BEGIN Information provided

Lemma hor_fib : lack_fib F -> lack_fib (Horf HD HE (HHf F)).
Proof.
  intros [LF1 LF2]. split.
  - intros c b Hcb Heq. apply hor_equiv in Heq.
    destruct (LF1 c b Hcb Heq) as [a [A1 [A2 A3]]].
    exists a. split; [exact A1|split; [apply hor_equiv; exact A2|exact A3]].
  - intros c beta Hb Ib. apply hor_iso2 in Ib.
    destruct (LF2 c (proj1_sig beta) Hb Ib) as [α [A1 [A2 A3]]].
    exists (exist _ α (HH_globular α)). split; [exact A1|split; [apply hor_iso2; exact A2|]].
    apply sig_ext. rewrite hor_fun_cell. exact A3.
Qed.

Lemma hor_biequiv : biequiv F -> biequiv (Horf HD HE (HHf F)).
Proof.
  intros [B1 [B2 B3]]. split; [|split].
  - intro b. destruct (B1 b) as [a [e [E1 [E2 E3]]]].
    exists a, e. split; [exact E1|split; [exact E2|apply hor_equiv; exact E3]].
  - intros a a' g Hg1 Hg2. destruct (B2 a a' g Hg1 Hg2) as [f [x [F1 [F2 [X1 [X2 X3]]]]]].
    exists f, (exist _ x (HH_globular x)).
    repeat split; try assumption. apply hor_iso2; exact X3.
  - intros f f' y Hd Hc Hy1 Hy2.
    destruct (B3 f f' (proj1_sig y) Hd Hc Hy1 Hy2) as [x [[X1 [X2 X3]] XU]].
    exists (exist _ x (HH_globular x)). split; [split; [exact X1|split; [exact X2|]]|].
    + apply sig_ext. rewrite hor_fun_cell. exact X3.
    + intros x' E1 E2 E3. apply sig_ext. simpl. apply XU; try assumption.
      rewrite <- hor_fun_cell, E3. reflexivity.
Qed.
End HorizontalOfHHFunctor.

Definition vcell_cond (A : TwoCat) (s0 s1 a b : cell A) : Prop :=
  dom (src a) = dom (src b) /\ cod (src a) = cod (src b) /\
  src s0 = src a /\ tgt s0 = src b /\ src s1 = tgt a /\ tgt s1 = tgt b /\
  vcomp s0 b = vcomp a s1.

Lemma V2_HH (A : TwoCat) (s0 s1 a b : cell A) :
  V2 (D:=HH A) (@mkVQ (HH A) s0 s1 a b) <-> vcell_cond s0 s1 a b.
Proof.
  unfold V2, vcell_cond, globular; simpl. split.
  - intros [H1 [H2 [_ [_ [H3 [H4 [H5 [H6 H7]]]]]]]]. repeat split; assumption.
  - intros [H1 [H2 [H3 [H4 [H5 [H6 H7]]]]]]. repeat split; assumption.
Qed.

END Information provided

• **Problem to work on**
What is needed is each line of the entries that contains the word "Lemma".

• **Response area**
Lemma hor_fib : lack_fib F -> lack_fib (Horf HD HE (HHf F)).
Lemma hor_biequiv : biequiv F -> biequiv (Horf HD HE (HHf F)).
Lemma V2_HH (A : TwoCat) (s0 s1 a b : cell A) :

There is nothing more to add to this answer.